Si vos patchs nicotiniques fonctionnent, ne changez pas de marque. C’est en substance le message délivré par l’Agence nationale de sécurité du médicament (ANSM). En effet, dans la mesure où la bioéquivalence entre les différents patchs vendus en France ne peut être garantie, mieux vaut éviter toute substitution.

En France, 4 spécialités de patchs nicotiniques (Niquitin, Nicotinell, Nicopatch et Nicoretteskin). Elles peuvent délivrer différentes quantités de nicotine.

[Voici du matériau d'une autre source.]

(* Let $X$ be a Banach space, $(A_m)_{m\in\mathbb{Z}}$ a sequence of invertible bounded linear operators on $X$ with $\sup_m\lVert A_m\rVert<\infty$ admitting an exponential dichotomy, and $c>0$ a constant as described in the context (with $B=l^\infty$). Let $f_n\colon X\to X$, $n\in\mathbb{Z}$, be differentiable maps with $\lVert d_xf_n\rVert\le c$ for all $x,n$, $\sup_n\sup_x\lVert f_n(x)\rVert<\infty$, and $\lVert d_xf_n-d_yf_n\rVert\le D\lVert x-y\rVert^r$ for some $D,r>0$ and all $x,y,n$. Put $F_n=A_n+f_n$ and assume there is $N\in\mathbb N$ with $F_{n+N}=F_n$ for all $n\in\mathbb{Z}$. Then there exists $L>0$ such that for every sufficiently small $\varepsilon>0$ and every sequence $\mathbf y=(y_n)_{n\in\mathbb{Z}}\subset X$ with $\sup_{n\in\mathbb{Z}}\lVert y_{n+1}-F_n(y_n)\rVert\le L\varepsilon$ and $y_{n+N}=y_n$ for all $n\in\mathbb{Z}$, there exists a sequence $\mathbf x=(x_n)_{n\in\mathbb{Z}}$ with $x_{n+1}=F_n(x_n)$ for all $n\in\mathbb{Z}$, $\sup_{n\in\mathbb{Z}}\lVert x_n-y_n\rVert\le\varepsilon$, and $x_{n+N}=x_n$ for all $n\in\mathbb{Z}$.
   Context: $l^\infty$ denotes the space of bounded real sequences indexed by $\mathbb{Z}$ with the sup norm; $X_{l^\infty}$ is the space of bounded sequences $(x_n)_{n\in\mathbb{Z}}\subset X$ with norm $\sup_n\lVert x_n\rVert$. Exponential dichotomy: with $\mathcal A(m,n)=A_{m-1}\cdots A_n$ ($m>n$), $\mathrm{Id}$ ($m=n$), $A_m^{-1}\cdots A_{n-1}^{-1}$ ($m<n$), there exist projections $P_m$ with $P_{m+1}A_m=A_mP_m$ and $C,\lambda>0$ with $\lVert\mathcal A(m,n)P_n\rVert\le Ce^{-\lambda(m-n)}$ ($m\ge n$) and $\lVert\mathcal A(m,n)(\mathrm{Id}-P_n)\rVert\le Ce^{-\lambda(n-m)}$ ($m\le n$). The constant $c>0$ is such that there is $K>0$ for which every sequence $(B_m)$ of bounded operators with $\sup_m\lVert A_m-B_m\rVert\le c$ admits an exponential dichotomy and the operator $(\mathbb B\mathbf x)_n=B_{n-1}x_{n-1}$ on $X_{l^\infty}$ has $\mathrm{Id}-\mathbb B$ invertible with $\lVert(\mathrm{Id}-\mathbb B)^{-1}\rVert\le K$. *)

From HB Require Import structures.
From mathcomp Require Import all_boot all_order all_algebra.
From mathcomp Require Import all_classical all_reals all_analysis.
Set Implicit Arguments. Unset Strict Implicit. Unset Printing Implicit Defensive.
Import Order.TTheory GRing.Theory Num.Theory.
Import numFieldNormedType.Exports.
Local Open Scope ring_scope.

Or, comme le rappelle l’ANSM, « la biodisponibilité de ces dispositifs, c’est-à-dire la vitesse et la fraction absorbée du principe actif pour produire son action thérapeutique, n’a pas été comparée entre les différentes spécialités ». En clair, pour un même dosage, deux patchs de marques différentes peuvent libérer le principe actif plus ou moins rapidement. Par ailleurs, « la substitution d’un dispositif par un autre peut entraîner des symptômes de manque comme une irritabilité, de l’anxiété, des perturbations du sommeil, ou de surdosage, comme des nausées, maux de tête ou palpitations », explique l’ANSM.

L’Agence conseil en outre de ne pas remplacer vos patchs sans l’avis de votre médecin.